The Monday memo is food for thought to fuel your week.
Hi everyone,
I’ve seen this happen more than once: Someone spends years building a company, a town, a community: some meaningful combination of systems, relationships, and energy. Somehow it all works and it all works extremely well. The system has momentum, energy, a rhythm that has developed organically.
The system works so well that the it gets sold, or merged with something bigger, or there’s simply a handoff from one generation to the next.
Whatever the reason, there’s a new generation of leaders. They see inefficiencies and want to optimize, so they start cutting things without understanding how those pieces work together. They don’t realize that they are unhitching the engine from the train.

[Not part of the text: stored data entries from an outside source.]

(* Let S = F(x, y) and e_v = |S ∩ N(v)|, so that the e_v sum to c|S|.  A check
   that decodes correctly puts the weight d0 - 2 d_H(w_v, x_N(v)) on a bit of S, while
   a check that decodes wrongly is at distance at least d0 - e_v from its decoding;
   hence the weights, counted positively on S and negatively off S, add up to at least
   d0 |N(S)| - 2c|S| >= (delta d0 - 2) c|S|.  Splitting this sum by threshold, some
   q = j / (c d0) makes DeterFlip(x, q) remove an eps fraction of the errors, so some
   sequence in (W \ {0})^s ends with at most (1 - eps)^s |S| errors and is never
   abandoned.  The checks of N(S) outside U(x) see at least d0 errors, which together
   with expansion gives (delta d0 - 1) c|S| <= (d0 - 1) |U(x)|; since DeepFlip minimises
   |U| over all runs, its output has at most half the errors of x.  The constant gamma
   keeps every non-abandoned run in the range |S| <= alpha n where expansion applies.
   A DeterFlip step costs O(c|S|) and multiplies |S| by at most 1 + c, whence the
   linear running time. *)

From HB Require Import structures.
From mathcomp Require Import all_boot all_order all_algebra.
From mathcomp Require Import reals exp.
From mathcomp Require Import zify ring lra.
Set Implicit Arguments. Unset Strict Implicit. Unset Printing Implicit Defensive.
Import Order.TTheory GRing.Theory Num.Theory.
Local Open Scope ring_scope.

Lemma F2_add1_neq (a b : 'F_2) : (a + 1 != b) = (a == b).
Proof. by move: a b; do 2!case=> [[|[|//]] ?]. Qed.

Section Hamming.
Variable m : nat.
Implicit Types u v w : word m.

Lemma dH_sym u w : dH u w = dH w u.
Proof. by apply: eq_card => i; rewrite !inE eq_sym. Qed.

Lemma dH_triangle u v w : (dH u w <= dH u v + dH v w)%N.
Proof.
apply: leq_trans (leq_card_setU _ _); apply/subset_leq_card/subsetP => i.
by rewrite !inE; case: (eqVneq (u 0 i) (v 0 i)) => [->|].
Qed.

Lemma dH_eq0 u w : (dH u w == 0%N) = (u == w).
Proof.
rewrite cards_eq0; apply/eqP/eqP => [uw|-> //]; last first.
  by apply/setP => i; rewrite !inE eqxx.
apply/rowP => i; apply/eqP/negPn/negP => uw_i.
by have := in_set0 i; rewrite -uw inE uw_i.
Qed.

Lemma dHxx u : dH u u = 0%N.
Proof. by apply/eqP; rewrite dH_eq0. Qed.
End Hamming.

Lemma lexrank_lt d (w : word d) : (lexrank w < 2 ^ d)%N.
Proof.
have := subn_exp 2 1 d; rewrite exp1n subn1 mul1n.
under eq_bigr do rewrite exp1n muln1.
move=> pow2_sum; apply: (@leq_ltn_trans (2 ^ d).-1); last first.
  by rewrite prednK // expn_gt0.
rewrite pow2_sum; apply: leq_sum => k _.
by case: (_ != _); rewrite ?mul1n ?mul0n.
Qed.

Section Decoding.
Variables (d d0 : nat) (C0 : {set word d}).
Hypothesis C0_0 : 0 \in C0.

Lemma Decode_in z : Decode C0 z \in C0.
Proof. by rewrite /Decode; case: arg_minnP. Qed.

Lemma Decode_min z w : w \in C0 -> (dH (Decode C0 z) z <= dH w z)%N.
Proof.
rewrite /Decode; case: arg_minnP => // u _ u_min /u_min key_le.
have : (dH u z * 2 ^ d < (dH w z).+1 * 2 ^ d)%N.
  apply: leq_ltn_trans (leq_addr (lexrank u) _) _; apply: leq_ltn_trans key_le _.
  by rewrite mulSnr ltn_add2l lexrank_lt.
by rewrite ltn_mul2r ltnS => /andP[].
Qed.

Hypothesis C0_dist : min_distance C0 d0.

Lemma min_distance_gt0 : (0 < d0)%N.
Proof.
have [[u [w [_ _ uw <-]]] _] := C0_dist.
by rewrite lt0n dH_eq0.
Qed.

Lemma Decode_unique z w : w \in C0 -> (2 * dH w z < d0)%N -> Decode C0 z = w.
Proof.
move=> w_C0 close; apply/eqP/negPn/negP => Dzw.
have := C0_dist.2 _ _ (Decode_in z) w_C0 Dzw.
have := Decode_min z w_C0; have := dH_triangle (Decode C0 z) z w.
rewrite (dH_sym z w); lia.
Qed.
End Decoding.

Lemma double_counting (I J : finType) (A : {set I}) (r : J -> I -> bool) :
  (\sum_(i in A) #|[set j | r j i]| = \sum_j #|[set i in A | r j i]|)%N.
Proof.
under eq_bigr do rewrite -sum1_card big_mkcond /=.
rewrite exchange_big /=; apply: eq_bigr => j _.
rewrite -sum1_card big_mkcond /= [RHS]big_mkcond /=; apply: eq_bigr => i _.
by rewrite !inE; case: (i \in A).
Qed.

Lemma markov_card (J : finType) (f : J -> nat) a :
  (a * #|[set j | (a <= f j)%N]| <= \sum_j f j)%N.
Proof.
rewrite -sum1_card big_distrr /= [X in (_ <= X)%N](bigID (mem [set j | (a <= f j)%N])) /=.
by apply: leq_trans (leq_addr _ _); apply: leq_sum => j; rewrite muln1 inE.
Qed.

Lemma natr_card (R : pzSemiRingType) (I : finType) (A : {set I}) :
  (#|A|%:R : R) = \sum_i ((i \in A) : nat)%:R.
Proof. by rewrite -sum1_card big_mkcond natr_sum. Qed.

When you first start losing momentum, it’s almost imperceptible. For a while, the train keeps rolling on the energy it already had. But gradually, it slows down. What took years to build takes only months to lose.

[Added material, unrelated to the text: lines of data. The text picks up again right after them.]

Lemma prob_orthonormal (β γ : 'I_2 -> 'cV[C]_2) (j k : 'I_2) :
  orthonormal_basis β -> orthonormal_basis γ -> prob β γ j k = 4^-1.
Proof.
move=> oβ oγ; have := sqmod_bra (β j); have := sqmod_bra (γ k).
rewrite oβ oγ !eqxx /= => nγ nβ.
rewrite /prob !sum_ord2 !coefE !sqmodM.
rewrite -(addrK (sqmod (bra (β j) 1)) (sqmod (bra (β j) 0))) nβ.
by rewrite -(addrK (sqmod (bra (γ k) 1)) (sqmod (bra (γ k) 0))) nγ; ring.
Qed.

Lemma sigma_n_traceless (nx ny nz : R) : \tr (sigma_n nx ny nz) = 0.
Proof. by rewrite /mxtrace sum_ord2 /sigma_n !mxE /=; ring. Qed.

Lemma sigma_n_neq0 (nx ny nz : R) : nx ^+ 2 + ny ^+ 2 + nz ^+ 2 = 1 -> sigma_n nx ny nz != 0.
Proof.
move=> n_unit; apply/eqP => /matrixP sigma0.
have := sigma0 0 0; have := sigma0 1 0.
rewrite /sigma_n !mxE /= !mulr1 !mulr0 !addr0 add0r /rC /iC; simpc.
case=> nx0 ny0 [nz0]; move: n_unit; rewrite nx0 ny0 nz0 expr0n /= !addr0 => /eqP.
by rewrite eq_sym oner_eq0.
Qed.

Lemma rC_eq0 (x : R) : (rC x == 0) = (x == 0).
Proof. by apply/eqP/eqP => [[]|->]. Qed.

Lemma iC_neq0 : iC R != 0.
Proof. by apply/eqP => -[] /eqP; rewrite oner_eq0. Qed.

Definition hsqrt2 : C := (rC (Num.sqrt 2))^-1.

Lemma hsqrt2_neq0 : hsqrt2 != 0.
Proof. by rewrite invr_eq0 rC_eq0 gt_eqF // sqrtr_gt0 ltr0n. Qed.

Lemma conjcN (x : C) : (- x)^*%C = - x^*%C.
Proof. exact: rmorphN. Qed.

Lemma hsqrt2_conj : hsqrt2^*%C = hsqrt2.
Proof. by rewrite /hsqrt2 conjc_inv; congr (_^-1); exact: conjc_real. Qed.

Lemma hsqrt2_sqr : hsqrt2 * hsqrt2 = 2^-1.
Proof.
rewrite /hsqrt2 -invfM.
have -> : rC (Num.sqrt 2) * rC (Num.sqrt 2) = ((Num.sqrt 2 ^+ 2)%:C)%C :> C.
  by rewrite expr2 rmorphM.
by rewrite sqr_sqrtr ?ler0n // rmorph_nat.
Qed.

Lemma ket_plusE (i : 'I_2) : ket_plus R i 0 = hsqrt2.
Proof. by rewrite mxE. Qed.

Lemma ket_minus0E : ket_minus R 0 0 = hsqrt2.
Proof. by rewrite mxE. Qed.

Lemma ket_minus1E : ket_minus R 1 0 = - hsqrt2.
Proof. by rewrite mxE. Qed.

Section OrthonormalBases.
Variable b : 'I_2 -> 'cV[C]_2.
Hypothesis ob : orthonormal_basis b.

Lemma orthonormal_bra_neq0 (i : 'I_2) : (bra (b i) 0 != 0) || (bra (b i) 1 != 0).
Proof. by apply: bra_neq0; rewrite ob eqxx. Qed.

Lemma orthonormal_bra_det (i i' : 'I_2) : i != i' ->
  bra (b i) 0 * bra (b i') 1 != bra (b i) 1 * bra (b i') 0.
Proof. by move=> ii'; apply: bra_det_neq0; rewrite ob ?eqxx // (negbTE ii'). Qed.

Lemma orthonormal_bra_orth (i i' : 'I_2) : i != i' ->
  bra (b i) 0 * (bra (b i') 0)^*%C + bra (b i) 1 * (bra (b i') 1)^*%C = 0.
Proof.
by move=> ii'; have := ob i i'; rewrite (negbTE ii') braketE => <-; rewrite /bra !conjcK.
Qed.

End OrthonormalBases.

Definition plus_minus_basis (j : 'I_2) : 'cV[C]_2 := if j == 0 then ket_plus R else ket_minus R.

Definition rotated_basis (e0 e1 : C) (k : 'I_2) : 'cV[C]_2 :=
  if k == 0 then \col_i (if i == 0 then e0^*%C else e1^*%C)
  else \col_i (if i == 0 then - e1 else e0).
Lemma le_dG_truncated_wedge z m : G z ->
  m <= pcross u2 (psub z V) -> m <= pcross (psub z V) u1 -> m <= c - pdist z V -> m <= dG G z.
Proof.
  intros Gz H2 H1 Hc'; apply (le_dG G z V m Gz vertex_notin); intros w Gw.
  assert (Hout : ~ 0 < pcross u2 (psub w V) \/ ~ 0 < pcross (psub w V) u1 \/ ~ pdist w V < c).
  { apply NNPP; intros Hn; apply Gw, Htrunc; [split|]; apply NNPP; intros Hk; apply Hn; tauto. }
  destruct Hout as [Hw | [Hw | Hw]].
  - pose proof (pcross_le_dist u2 z w Hu2).
    replace (pcross u2 (psub z w)) with (pcross u2 (psub z V) - pcross u2 (psub w V)) in *
      by (unfold pcross, psub; simpl; ring).
    lra.
  - assert (Hu1' : pnorm (- fst u1, - snd u1) = 1) by (rewrite <- Hu1; unfold pnorm; simpl; f_equal; ring).
    pose proof (pcross_le_dist _ z w Hu1').
    replace (pcross (- fst u1, - snd u1) (psub z w))
      with (pcross (psub z V) u1 - pcross (psub w V) u1) in * by (unfold pcross, psub; simpl; ring).
    lra.
  - pose proof (pdist_triangle w z V); rewrite (pdist_sym w z) in *; lra.
Qed.

(* The segment runs parallel to the edge along [u2], at distance [h] from it. *)
Lemma segment_dG_const h : 0 < h -> h * (1 + / s) < c / 2 -> forall t, 0 <= t <= 1 ->
  G (seg (shifted_point h) (bisector_point h) t) /\
  dG G (seg (shifted_point h) (bisector_point h) t) = h.
Proof.
  intros Hh Hsmall t Ht; pose proof half_chord_pos as Hs.
  set (z := seg (shifted_point h) (bisector_point h) t).
  assert (Hd2 : pcross u2 (psub z V) = h)
    by (unfold z, seg, shifted_point, bisector_point, pcross, psub; simpl; field; unfold pcross in Hopen; lra).
  assert (Hd1 : pcross (psub z V) u1 = h + (1 - t) * (c / 2) * pcross u2 u1)
    by (unfold z, seg, shifted_point, bisector_point, pcross, psub; simpl; field; unfold pcross in Hopen; lra).
  assert (Hd1h : h <= pcross (psub z V) u1)
    by (rewrite Hd1; pose proof (Rmult_le_pos ((1 - t) * (c / 2)) (pcross u2 u1)); nra).
  assert (Hzb : pdist z (bisector_point h) <= c / 2).
  { unfold z; rewrite <- (seg1 (shifted_point h) (bisector_point h)) at 2.
    rewrite seg_dist, shifted_point_dist, Rabs_left1 by lra; nra. }
  assert (HzV : pdist z V <= c - h).
  { pose proof (pdist_triangle z (bisector_point h) V); rewrite bisector_point_dist in * by assumption.
    replace (h / s) with (h * (1 + / s) - h) in * by (field; lra); lra. }
  assert (Gz : G z) by (apply Htrunc; [split|]; lra).
  split; [exact Gz|]; apply Rle_antisym.
  - rewrite <- Hd2; apply dG_le_edge2, Gz.
  - apply le_dG_truncated_wedge; [exact Gz | lra | lra | lra].
Qed.

Lemma wedge_uniformity_bound A : 1 <= A ->
  (forall x y, G x -> G y -> k_G G x y <= A * j_G G x y) -> 1 + / s <= A.
Proof.
  intros HA1 Hadm; pose proof half_chord_pos as Hs.
  assert (HK : 0 < 1 + / s) by (pose proof (Rinv_0_lt_compat _ Hs); lra).
  apply Rnot_lt_le; intros HAK.
  destruct (small_scale_witness A (1 + / s) (c / 2) (c / (2 * (1 + / s))))
    as [h [D0 [[Hh Hhc] [HD0 Hgap]]]]; try lra; [apply Rdiv_lt_0_compat; lra|].
  assert (Hsmall : h * (1 + / s) < c / 2).
  { replace (c / 2) with (c / (2 * (1 + / s)) * (1 + / s)) by (field; lra).
    apply Rmult_lt_compat_r; assumption. }
  pose proof (segment_dG_const h Hh Hsmall) as Hseg.
  destruct (Hseg 0 ltac:(lra)) as [Gx dx]; rewrite seg0 in Gx, dx.
  destruct (Hseg 1 ltac:(lra)) as [Gy dy]; rewrite seg1 in Gy, dy.
  assert (Hk : Rmin (c / 2 / D0) ((1 + / s) * (ln D0 - ln h))
               <= k_G G (shifted_point h) (bisector_point h)).
  { apply le_k_G; [eexists; eexists; exact (segment_qh_path G _ _ h Hh Hseg)|].
    intros N z Hz Hz0 HzN; rewrite <- (shifted_point_dist h), <- Hz0, <- HzN.
    apply chain_sum_ge_wedge; try assumption; [rewrite Hz0; exact dx|].
    rewrite HzN, bisector_point_dist by assumption; lra. }
  specialize (Hadm _ _ Gx Gy); unfold j_G in Hadm.
  rewrite dx, dy, Rmin_left, pdist_sym, shifted_point_dist in Hadm by lra.
  lra.
Qed.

When you come across a problem, especially when you are new to a situation, you have the advantage of bringing fresh eyes; you can see things in new ways, which can lead to dramatic insights and breakthroughs. It can be tempting to see what’s wrong and immediately want to tear the whole thing down, rebuild from zero, and impose your vision on the situation.
But your fresh eyes also come with a blind spot. In addition to the problem, there are also things that are working: some existing momentum you can harness, some center of gravity you can work with instead of against. And the things that are working are often harder to see than the things that are broken.

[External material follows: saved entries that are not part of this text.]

(* Open sets of the orbit space n_7^*/N_7 with the quotient topology:
   collections of orbits whose union is open in n_7^*. *)
Definition quot_open (U : set (set 'rV[R]_7)) : Prop :=
  (forall O, U O -> is_orbit O) /\ open (\bigcup_(O in U) O).

Definition orbit_converges (Ok : nat -> set 'rV[R]_7) (O : set 'rV[R]_7) : Prop :=
  forall U, quot_open U -> U O -> exists N, forall k, (N <= k)%N -> U (Ok k).

Definition functional (a1 a2 a3 a4 a5 a6 a7 : R) : 'rV[R]_7 :=
  \row_(i < 7) nth 0 [:: a1; a2; a3; a4; a5; a6; a7] i.

End N7.

(* For f = f1 X1^* + ... + f7 X7^*, the coadjoint action fixes f7 and, where
   f7 = 0, also f5 and f6, translating (f1, ..., f4) by a map that is onto
   when (f5, f6) <> 0.  So the orbits O_k are the planes
   {f5 = f5^k, f6 = f6^k, f7 = 0}, the characters are fixed points, and for
   c > 0 the set {f7 <> 0 or |f5| + |f6| > c} is open and a union of orbits.
   A character orbit is a limit because the planes O_k contain points
   converging to it.  Any other orbit lies in such a set for some c > 0, whose
   orbits form an open neighbourhood in the orbit space that misses O_k for
   large k. *)

From HB Require Import structures.
From mathcomp Require Import all_boot all_order all_algebra.
From mathcomp Require Import all_classical all_reals all_analysis.
From mathcomp Require Import ring lra zify.
Import Order.TTheory GRing.Theory Num.Theory.
Import numFieldNormedType.Exports.
Local Open Scope classical_set_scope.
Local Open Scope ring_scope.
Set Implicit Arguments. Unset Strict Implicit. Unset Printing Implicit Defensive.

Section CoadjointOrbitsN7.
Variable R : realType.
Implicit Types (a b c y : R) (f p q g x : 'rV[R]_7) (V : set 'rV[R]_7).

Definition ad_entry a0 a1 a2 a3 a4 a5 a6 (j k : nat) : R :=
  match j, k with
  | 0, 4 => - a2 | 0, 5 => - a3 | 0, 6 => - a4
  | 1, 4 => - a3 | 1, 5 => a2 | 1, 6 => - a5
  | 2, 4 => a0 | 2, 5 => - a1
  | 3, 4 => a1 | 3, 5 => a0
  | 4, 6 => a0 | 5, 6 => a1
  | _, _ => 0
  end.
Theorem proposition7p1 (R : realType) (T : R -> R) :
  is_iet T -> (C_psi T <= (1 / 2 : R)%:E)%E.
Proof.
move=> [r [pi [l iet]]]; apply: ge_ereal_sup => _ [-> | [a [_ ae_liminf0] <-]].
  by rewrite lee_fin divr_ge0.
by rewrite lee_fin; exact (iet_orbits_liminf0_exponent_le iet ae_liminf0).
Qed.
Lemma periodic_solution_le : RInt g 0 1 <= RInt h 0 1 -> forall x, g x <= h x.
Proof.
  intros hint x.
  destruct ex_lipschitz_along as [M [hM hlip]].
  destruct (sup_on_max gap gap_continuous 0 1) as [y [hy [hsup _]]]; [lra|].
  assert (hy0 : 0 <= gap y).
  { rewrite <- hsup. apply Rle_trans with (RInt gap 0 1); [rewrite RInt_gap; lra|].
    apply RInt_01_le_sup_on, gap_continuous. }
  enough (hfrac : 0 <= gap (frac_part x))
    by (rewrite <- (periodic1_frac_part gap gap_periodic x) in hfrac; unfold gap in hfrac; lra).
  pose proof (base_fp x) as hx.
  apply Rnot_lt_le. intro hneg.
  assert (hD : forall t, gap t < 0 -> - (- M * gap t) <= G (h t) - G (g t) <= - M * gap t).
  { intros t ht. apply Rabs_le_between. specialize (hlip t). fold (gap t) in hlip.
    rewrite (Rabs_left (gap t)) in hlip by exact ht. lra. }
  destruct (Rle_or_lt Hg Hh) as [hH|hH].
  - assert (gap (y - 1) < 0).
    { apply (neg_persists_backward gap _ M (y - 1) (frac_part x) gap_is_derive);
        [|lra|exact hneg].
      intros t ht. specialize (hD t ht). lra. }
    rewrite <- gap_periodic in H. replace (y - 1 + 1) with y in H by ring. lra.
  - assert (gap (y + 1) < 0).
    { apply (neg_persists_forward gap _ (- M) (frac_part x) (y + 1) gap_is_derive);
        [|lra|exact hneg].
      intros t ht. specialize (hD t ht). lra. }
    rewrite gap_periodic in H. lra.
Qed.

Section Ordered.

Variable M : R.
Hypothesis M_nonneg : 0 <= M.
Hypothesis G_lipschitz : forall t, Rabs (G (h t) - G (g t)) <= M * Rabs (h t - g t).
Hypothesis g_le_h : forall x, g x <= h x.

Lemma G_gap_between t : - (M * gap t) <= G (h t) - G (g t) <= M * gap t.
Proof.
  apply Rabs_le_between. specialize (G_lipschitz t). fold (gap t) in G_lipschitz.
  rewrite (Rabs_right (gap t)) in G_lipschitz by (specialize (g_le_h t); unfold gap; lra).
  exact G_lipschitz.
Qed.

Lemma solution_constant_diff_le (x0 : R) :
  (forall z, gap x0 <= gap z) -> Hh - Hg <= M * gap x0.
Proof.
  intro hmin. pose proof (derive_eq_0_at_min gap _ x0 gap_is_derive hmin) as h0.
  cbv beta in h0. pose proof (G_gap_between x0). lra.
Qed.

Lemma gap_le_over_period (x0 t : R) : (forall z, gap x0 <= gap z) -> x0 <= t <= x0 + 1 ->
  gap t <= 2 * RInt gap 0 1 * exp M.
Proof.
  intros hmin ht. set (c := RInt gap 0 1).
  assert (hx0c : gap x0 <= c).
  { apply Rle_trans with (inf_on gap 0 1); [|apply inf_on_le_RInt_01, gap_continuous].
    destruct (inf_on_min gap gap_continuous 0 1) as [p [_ [-> _]]]; [lra|]. apply hmin. }
  assert (hx0pos : 0 <= gap x0) by (specialize (g_le_h x0); unfold gap; lra).
  pose proof (solution_constant_diff_le x0 hmin) as hH.
  assert (hgr : c + gap t <= (c + gap x0) * exp (M * (t - x0))).
  { apply (gronwall (fun t => c + gap t) (fun t => (Hh - Hg) - (G (h t) - G (g t))));
      [|lra|].
    - intro u. auto_derive; [eexists; apply gap_is_derive|].
      replace (Derive _ u) with ((Hh - Hg) - (G (h u) - G (g u)))
        by (symmetry; apply is_derive_unique, gap_is_derive). ring.
    - intros u _. pose proof (G_gap_between u). nra. }
  assert (hexp : exp (M * (t - x0)) <= exp M).
  { assert (hle : M * (t - x0) <= M) by nra.
    destruct (Rle_lt_or_eq_dec _ _ hle) as [hlt| ->]; [left; apply exp_increasing, hlt|lra]. }
  pose proof (exp_pos (M * (t - x0))). nra.
Qed.

Lemma periodic_solution_gap_le x : h x - g x <= 2 * (RInt h 0 1 - RInt g 0 1) * exp M.
Proof.
  rewrite <- RInt_gap. change (gap x <= 2 * RInt gap 0 1 * exp M).
  destruct (periodic1_ex_min gap gap_periodic gap_continuous) as [x0 [hx0 hmin]].
  rewrite (periodic1_frac_part gap gap_periodic x). pose proof (base_fp x).
  destruct (Rle_or_lt x0 (frac_part x)).
  - apply (gap_le_over_period x0); [exact hmin|lra].
  - rewrite <- gap_periodic. apply (gap_le_over_period x0); [exact hmin|lra].
Qed.

End Ordered.

End SolutionPair.

Section Family.

Variable F : R -> R -> R.
Hypothesis F_sol : forall th, exists H, periodic_solution (F th) H.
Hypothesis F_mean : forall th, RInt (F th) 0 1 = th.

Lemma family_continuous th x : continuous (F th) x.
Proof. destruct (F_sol th) as [H [_ [hC1 _]]]. apply isC1_continuous, hC1. Qed.

Lemma family_le t1 t2 : t1 <= t2 -> forall x, F t1 x <= F t2 x.
Proof.
  intro ht. destruct (F_sol t1) as [H1 s1], (F_sol t2) as [H2 s2].
  apply (periodic_solution_le _ _ _ _ s1 s2). rewrite !F_mean. exact ht.
Qed.

Lemma family_eq th u H : periodic_solution u H -> RInt u 0 1 = th -> F th = u.
Proof.
  intros hu hmean. destruct (F_sol th) as [H' hF].
  extensionality x. apply Rle_antisym;
    [apply (periodic_solution_le _ _ _ _ hF hu)|apply (periodic_solution_le _ _ _ _ hu hF)];
    rewrite F_mean, hmean; lra.
Qed.

Lemma family_gap_le th : exists C, 0 <= C /\ forall t1 t2 x,
  th - 1 <= t1 -> t1 <= t2 -> t2 <= th + 1 -> F t2 x - F t1 x <= C * (t2 - t1).
Proof.
  set (a := fmin01 (F (th - 1))). set (b := fmax01 (F (th + 1))).
  assert (hrange : forall t x, th - 1 <= t <= th + 1 -> a <= F t x <= b).
  { intros t x ht. destruct (F_sol (th - 1)) as [H1 s1], (F_sol (th + 1)) as [H2 s2].
    split.
    - apply Rle_trans with (F (th - 1) x); [apply (periodic_solution_bounds _ _ s1)|].
      apply family_le. lra.
    - apply Rle_trans with (F (th + 1) x); [apply family_le; lra|].
      apply (periodic_solution_bounds _ _ s2). }
  assert (hab : a <= b) by (destruct (hrange th 0); lra).
  exists (2 * exp (Kmax G a b)). split; [pose proof (exp_pos (Kmax G a b)); lra|].
  intros t1 t2 x h1 h12 h2.
  destruct (F_sol t1) as [H1 s1], (F_sol t2) as [H2 s2].
  replace (2 * exp (Kmax G a b) * (t2 - t1))
    with (2 * (RInt (F t2) 0 1 - RInt (F t1) 0 1) * exp (Kmax G a b)) by (rewrite !F_mean; ring).
  apply (periodic_solution_gap_le _ _ _ _ s1 s2); [apply Kmax_nonneg, hab| |apply family_le, h12].
  intro t. apply Kmax_lipschitz; apply hrange; lra.
Qed.

Lemma fmax01_family_le t1 t2 : t1 <= t2 -> fmax01 (F t1) <= fmax01 (F t2).
Proof.
  intro ht. rewrite <- (Rplus_0_r (fmax01 (F t2))).
  apply sup_on_le_sup_on_add; try apply family_continuous; [lra|].
  intros x _. rewrite Rplus_0_r. apply family_le, ht.
Qed.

The current situation of any system — whatever it is — already has some energy and momentum. Your team has existing rhythms. Your creative project has a natural shape it wants to take. Your relationships have patterns of energy that flow between you and others.
In other words you’re never really starting from scratch. You’re starting with what is.
Exercise.
This week, instead of pushing against something that feels stuck or difficult, try working with what’s already there.
Pick one situation where you’ve been pushing for an outcome and feeling resistance. Maybe it’s a conversation that keeps going in circles, a project that feels like you’re swimming against the current, or a habit you’ve been trying to force into your life.
Step back and study the existing forces at play. What’s the natural momentum? Where is there already energy? What wants to happen if you stop pushing so hard? What’s emerging? What is the system trying to become?
Instead of opposing the current, see if you can redirect it. Instead of fighting against the grain, find where the grain naturally wants to split.
You might be surprised how much easier things become when you stop trying to be the bulldozer and start being the river that finds its way around the rock.
See what happens.
Pop-up recap
We had about 20 people show up for our potluck pop-up on Saturday. A few people joined us from out of town. Claire took the train down from Seattle. Brian and Sarah popped in from Olympia. We even had someone pop in who is visiting Portland from Berlin! We opened a portal for members and Lorne was kind enough to beam in from England. It was cool to see you Lorne!